Start of Records shown
(* Maintain-Matching preserves an invariant: the lists hold exactly the
   non-neighbours in C, [mate] is a symmetric partner function whose pairs are
   non-edges of C, and every non-edge of C has a matched endpoint, i.e. M_N is
   maximal.  Inserting the edge (u,v) can only uncover non-edges at u and v, and
   scanning their lists covers them again; deleting it creates the single
   non-edge (u,v), which is matched when both ends are free.  A list has at most
   5 eps Delta entries, which bounds the time per update.  Finally every
   non-edge has one of the 2 |M_N| matched vertices as an endpoint, and each of
   them lies on at most 5 eps Delta non-edges, so |nonedges| <= 10 eps Delta |M_N|. *)

From HB Require Import structures.
From mathcomp Require Import all_boot all_order all_algebra.
From mathcomp Require Import lra.
Import Order.TTheory GRing.Theory Num.Theory.
Set Implicit Arguments. Unset Strict Implicit. Unset Printing Implicit Defensive.

Section MaintainMatching.
Variable T : finType.
Implicit Types (g : rel T) (C X : {set T}) (s : state T) (m : {ffun T -> option T}).

Lemma setfE (A : Type) (f : {ffun T -> A}) a b y :
  setf f a b y = if y == a then b else f y.
Proof. by rewrite ffunE. Qed.

Definition mate_symmetric m : Prop := forall z y, m z = Some y -> m y = Some z.

(* The mate updates of [scan] and [maintain], named so that the lemmas below
   apply to them by conversion. *)
Definition link m w x : {ffun T -> option T} := setf (setf m w (Some x)) x (Some w).

Definition unlink m u v : {ffun T -> option T} := setf (setf m u None) v None.

Lemma linkE m w x z :
  link m w x z = if z == x then Some w else if z == w then Some x else m z.
Proof. by rewrite !setfE. Qed.

Lemma link_Some m w x z y : link m w x z = Some y ->
  [\/ m z = Some y, z = w /\ y = x | z = x /\ y = w].
Proof.
rewrite linkE; case: eqP => [-> [<-]|_]; first by constructor 3.
by case: eqP => [-> [<-]|_]; [constructor 2 | constructor 1].
Qed.

Lemma link_id m w x : link m w x w = Some x.
Proof. by rewrite linkE eqxx; case: eqP => [->|]. Qed.

Lemma link_idr m w x : link m w x x = Some w.
Proof. by rewrite linkE eqxx. Qed.

Lemma link_keep m w x z : m w = None -> m x = None -> m z != None ->
  link m w x z = m z.
Proof.
move=> mw mx mz; rewrite linkE.
by case: eqP => [zx|_]; [rewrite zx mx in mz | case: eqP => [zw|//]; rewrite zw mw in mz].
Qed.

Lemma link_sym m w x : mate_symmetric m -> m w = None -> m x = None ->
  mate_symmetric (link m w x).
Proof.
move=> mS mw mx z y /link_Some[mz|[-> ->]|[-> ->]]; last 2 first.
- exact: link_idr.
- exact: link_id.
by have my := mS _ _ mz; rewrite link_keep // my.
Qed.

Lemma unlink_Some m u v z y : unlink m u v z = Some y ->
  [/\ m z = Some y, z != u & z != v].
Proof. by rewrite !setfE; do 2![case: eqP => // _]. Qed.

Lemma unlink_keep m u v z : z != u -> z != v -> unlink m u v z = m z.
Proof. by move=> zu zv; rewrite !setfE (negbTE zu) (negbTE zv). Qed.

Lemma unlink_sym m u v : mate_symmetric m -> m u = Some v ->
  mate_symmetric (unlink m u v).
Proof.
move=> mS muv z y /unlink_Some[mz zu zv]; have my := mS _ _ mz.
rewrite unlink_keep //; apply/eqP => yE; subst y.
- by move: muv; rewrite my => -[] /eqP; rewrite (negbTE zv).
- by move: (mS _ _ muv); rewrite my => -[] /eqP; rewrite (negbTE zu).
Qed.

Definition upd_pair (a : upd T) x y : bool :=
  ((x == uu a) && (y == uv a)) || ((x == uv a) && (y == uu a)).

Lemma graph_stepE g a x y :
  graph_step g a x y = if upd_pair a x y then uins a else g x y.
Proof. by []. Qed.

Lemma upd_pairC a x y : upd_pair a x y = upd_pair a y x.
Proof. by rewrite /upd_pair orbC; congr orb; apply: andbC. Qed.

Lemma graph_step_sym g a : (forall x y, g x y = g y x) ->
  forall x y, graph_step g a x y = graph_step g a y x.
Proof. by move=> gS x y; rewrite !graph_stepE upd_pairC gS. Qed.

Lemma nonnbrs_sub g C w x : x \in nonnbrs g C w -> x \in C.
Proof. by rewrite inE => /andP[]. Qed.

Lemma nonnbrs_sym g C w x : (forall x y, g x y = g y x) ->
  w \in C -> x \in nonnbrs g C w -> w \in nonnbrs g C x.
Proof.
move=> gS wC; rewrite !inE => /and3P[_ xw gwx].
by rewrite wC eq_sym xw gS gwx.
Qed.

Lemma nonnbrs_step_outside g C a w : ~~ ((uu a \in C) && (uv a \in C)) -> w \in C ->
  nonnbrs (graph_step g a) C w = nonnbrs g C w.
Proof.
move=> out wC; apply/setP => x; rewrite !inE graph_stepE.
case xC: (x \in C) => //=; case: ifP => // /orP[]/andP[/eqP wE /eqP xE].
  by move: out; rewrite -wE -xE wC xC.
by move: out; rewrite -wE -xE wC xC.
Qed.

Definition nel_ok C g (nl : {ffun T -> seq T}) : Prop :=
  forall w, w \in C -> uniq (nl w) /\ nl w =i nonnbrs g C w.

Lemma nel_ok_insert C g nl u v : u != v -> nel_ok C g nl ->
  nel_ok C (graph_step g (Upd true u v))
           (setf (setf nl u (rem v (nl u))) v (rem u (nl v))).
Proof.
move=> uv ok w wC; rewrite !setfE.
have pairE x : upd_pair (Upd true u v) w x =
    ((w == u) && (x == v)) || ((w == v) && (x == u)) by [].
have [nl_uniq nlE] := ok w wC.
case: (eqVneq w v) => [wv|wv]; last case: (eqVneq w u) => [wu|wu].
- subst w; split=> [|x]; first exact: rem_uniq.
  rewrite (mem_rem_uniq _ nl_uniq) !inE nlE !inE graph_stepE pairE eqxx.
  by rewrite (eq_sym v u) (negbTE uv) /=; case: (x =P u) => [->|]; rewrite ?andbF.
- subst w; split=> [|x]; first exact: rem_uniq.
  rewrite (mem_rem_uniq _ nl_uniq) !inE nlE !inE graph_stepE pairE eqxx.
  by rewrite (negbTE uv) /= orbF; case: (x =P v) => [->|]; rewrite ?andbF.
- split=> // x; rewrite nlE !inE graph_stepE pairE.
  by rewrite (negbTE wu) (negbTE wv).
Qed.

Lemma nel_ok_delete C g nl u v : (forall x y, g x y = g y x) ->
  u != v -> g u v -> u \in C -> v \in C -> nel_ok C g nl ->
  nel_ok C (graph_step g (Upd false u v))
           (setf (setf nl u (v :: nl u)) v (u :: nl v)).
Proof.
move=> gS uv guv uC vC ok w wC; rewrite !setfE.
have pairE x : upd_pair (Upd false u v) w x =
    ((w == u) && (x == v)) || ((w == v) && (x == u)) by [].
have [nl_uniq nlE] := ok w wC.
case: (eqVneq w v) => [wv|wv]; last case: (eqVneq w u) => [wu|wu].
- subst w; split=> [|x]; first by rewrite /= nl_uniq nlE !inE gS guv !andbF.
  rewrite in_cons nlE !inE graph_stepE pairE eqxx (eq_sym v u) (negbTE uv) /=.
  by case: (x =P u) => [->|]; rewrite ?uC ?uv.
- subst w; split=> [|x]; first by rewrite /= nl_uniq nlE !inE guv !andbF.
  rewrite in_cons nlE !inE graph_stepE pairE eqxx (negbTE uv) /= orbF.
  by case: (x =P v) => [->|]; rewrite ?vC 1?eq_sym ?uv.
- split=> // x; rewrite nlE !inE graph_stepE pairE.
  by rewrite (negbTE wu) (negbTE wv).
Qed.

Lemma upd_pair_notin a x y : x \notin [set uu a; uv a] -> upd_pair a x y = false.
Proof. by rewrite !inE negb_or /upd_pair => /andP[/negbTE -> /negbTE ->]. Qed.

(* Maximality is only required for non-edges avoiding [X], the vertices whose
   lists are still to be scanned. *)
Record invariant_except C g s X : Prop := InvariantExcept {
  inv_graph_sym : forall x y, g x y = g y x;
  inv_nel : nel_ok C g (nel s);
  inv_mate_sym : mate_symmetric (mate s);
  inv_mate_nonedge : forall w x, mate s w = Some x -> w \in C /\ x \in nonnbrs g C w;
  inv_cover : forall a b, a \notin X -> b \notin X -> a \in C -> b \in nonnbrs g C a ->
    matched s a || matched s b }.

Notation invariant C g s := (invariant_except C g s set0).

Lemma invariant_exceptD1 C g s s' X w : w \in C -> invariant_except C g s X ->
  nel s' = nel s -> mate_symmetric (mate s') ->
  (forall z y, mate s' z = Some y -> z \in C /\ y \in nonnbrs g C z) ->
  (forall z, matched s z -> matched s' z) ->
  (forall b, b \in nonnbrs g C w -> matched s' w || matched s' b) ->
  invariant_except C g s' (X :\ w).
Proof.
move=> wC [gS nelS _ _ cov] nelE mS' mN' mono cov_w; split=> //; first by rewrite nelE.
move=> a b; rewrite !in_setD1 !negb_and !negbK => aX bX aC ab.
case: (eqVneq a w) => [aw|aw]; first by subst a; exact: cov_w.
case: (eqVneq b w) => [bw|bw].
  by subst b; rewrite orbC; apply: cov_w; apply: nonnbrs_sym.
rewrite (negbTE aw) (negbTE bw) /= in aX bX.
by case/orP: (cov a b aX bX aC ab) => /mono ->; rewrite ?orbT.
Qed.

Lemma scan_invariant C g s X w : w \in C -> invariant_except C g s X ->
  invariant_except C g (scan s w).1 (X :\ w).
Proof.
move=> wC I; have [gS nelS mS mN _] := I; have [_ nelE] := nelS w wC.
rewrite /scan; case: ifP => [mw | /negbFE/eqP mw].
  by apply: (invariant_exceptD1 wC I) => // b _; rewrite mw.
set l := nel s w; set i := find _ l.
case: ifP => [il | il] /=; last first.
  apply: (invariant_exceptD1 wC I) => // b; rewrite -nelE => bl.
  have: ~~ has (fun x => mate s x == None) l by rewrite has_find il.
  by move/hasPn/(_ _ bl) => mb; rewrite /matched mb orbT.
set x := nth w l i.
have mx : mate s x = None.
  by apply/eqP; apply: (@nth_find _ w (fun x => mate s x == None)); rewrite has_find.
have xN : x \in nonnbrs g C w by rewrite -nelE mem_nth.
apply: (invariant_exceptD1 wC I) => //=.
- exact: link_sym.
- move=> z y /link_Some[/mN //|[-> ->]|[-> ->]] //.
  by split; [exact: nonnbrs_sub xN | exact: nonnbrs_sym].
- by move=> z mz; rewrite /matched /= link_keep.
- by move=> b _; rewrite /matched /= link_id.
Qed.

Lemma invariant_insert C g s u v : invariant C g s -> u != v -> u \in C -> v \in C ->
  invariant C (graph_step g (Upd true u v)) (maintain C s (Upd true u v)).1.
Proof.
move=> [gS nelS mS mN cov] uv uC vC; rewrite /maintain uC vC /=.
set g' := graph_step g _; set mt := if _ then _ else _.
have g'E x y : g' x y = upd_pair (Upd true u v) x y || g x y.
  by rewrite /g' graph_stepE; case: ifP.
suff I1 : invariant_except C g' (State (setf (setf (nel s) u (rem v (nel s u))) v
                                               (rem u (nel s v))) mt) [set u; v].
  have -> : set0 = [set u; v] :\ u :\ v.
    by apply/setP => z; rewrite !inE; case: (z =P u); case: (z =P v).
  exact: scan_invariant vC (scan_invariant uC I1).
have mt_old z y : mt z = Some y -> mate s z = Some y /\ ~~ upd_pair (Upd true u v) z y.
  rewrite /mt; case: ifP => [_ /unlink_Some[mz zu zv] | /negbT muv mz].
    by rewrite /upd_pair /= (negbTE zu) (negbTE zv).
  split=> //; apply/negP => /orP[]/andP[/eqP zu /eqP yv]; subst z y.
    by rewrite mz eqxx in muv.
  by rewrite (mS _ _ mz) eqxx in muv.
have mt_keep z : z \notin [set u; v] -> mt z = mate s z.
  by rewrite !inE negb_or => /andP[zu zv]; rewrite /mt; case: ifP => // _; apply: unlink_keep.
split=> //.
- exact: graph_step_sym.
- exact: nel_ok_insert.
- by rewrite /mt; case: ifP => [/eqP|_]; [exact: unlink_sym | exact: mS].
- move=> z y /mt_old[/mN[zC yN] not_uv]; split=> //.
  by move: yN; rewrite !inE g'E (negbTE not_uv).
- move=> a b aX bX aC; rewrite /matched /= !mt_keep // !inE g'E upd_pair_notin //.
  by move=> bN; apply: cov; rewrite ?inE.
Qed.

Lemma invariant_delete C g s u v : invariant C g s -> u != v -> g u v ->
  u \in C -> v \in C ->
  invariant C (graph_step g (Upd false u v)) (maintain C s (Upd false u v)).1.
Proof.
move=> [gS nelS mS mN cov] uv guv uC vC; rewrite /maintain uC vC /=.
set g' := graph_step g _; set mt := if _ then _ else _.
have g'E x y : g' x y = ~~ upd_pair (Upd false u v) x y && g x y.
  by rewrite /g' graph_stepE; case: ifP.
have old_nonnbr w x : x \in nonnbrs g C w -> x \in nonnbrs g' C w.
  by rewrite !inE g'E => /and3P[-> -> /negbTE ->]; rewrite andbF.
have vN : v \in nonnbrs g' C u by rewrite !inE vC eq_sym uv g'E /upd_pair !eqxx.
have mono z : mate s z != None -> mt z != None.
  by rewrite /mt; case: ifP => // /andP[/eqP mu /eqP mv] mz; rewrite link_keep.
have cov_uv : (mt u != None) || (mt v != None).
  by rewrite /mt; case: ifP => [_|/negbT]; rewrite ?link_id // negb_and.
split=> //.
- exact: graph_step_sym.
- exact: nel_ok_delete.
- by rewrite /mt; case: ifP => [/andP[/eqP mu /eqP mv]|_]; [exact: link_sym | exact: mS].
- move=> z y; rewrite /mt; case: ifP => [/andP[/eqP mu /eqP mv]|_]; last first.
    by move/mN => [zC /old_nonnbr].
  case/link_Some => [/mN[zC /old_nonnbr] //|[-> ->] //|[-> ->]].
  by split=> //; apply: nonnbrs_sym (graph_step_sym _ gS) uC vN.
- move=> a b _ _ aC bN; rewrite /matched /=.
  case pab: (upd_pair (Upd false u v) a b).
    by case/orP: pab => /andP[/eqP -> /eqP ->]; rewrite // orbC.
  have {}bN : b \in nonnbrs g C a by move: bN; rewrite !inE g'E pab.
  have := cov a b (negbT (in_set0 a)) (negbT (in_set0 b)) aC bN.
  by case/orP => /mono ->; rewrite ?orbT.
Qed.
End of Records shown
Task directions> Reprint exactly the lines above that start at the one with "matched s a" and end at the one with "rewrite (negbTE aw) (negbTE bw) /= in aX bX.", keeping both and adding none.

Exercise result>
    matched s a || matched s b }.

Notation invariant C g s := (invariant_except C g s set0).

Lemma invariant_exceptD1 C g s s' X w : w \in C -> invariant_except C g s X ->
  nel s' = nel s -> mate_symmetric (mate s') ->
  (forall z y, mate s' z = Some y -> z \in C /\ y \in nonnbrs g C z) ->
  (forall z, matched s z -> matched s' z) ->
  (forall b, b \in nonnbrs g C w -> matched s' w || matched s' b) ->
  invariant_except C g s' (X :\ w).
Proof.
move=> wC [gS nelS _ _ cov] nelE mS' mN' mono cov_w; split=> //; first by rewrite nelE.
move=> a b; rewrite !in_setD1 !negb_and !negbK => aX bX aC ab.
case: (eqVneq a w) => [aw|aw]; first by subst a; exact: cov_w.
case: (eqVneq b w) => [bw|bw].
  by subst b; rewrite orbC; apply: cov_w; apply: nonnbrs_sym.
rewrite (negbTE aw) (negbTE bw) /= in aX bX.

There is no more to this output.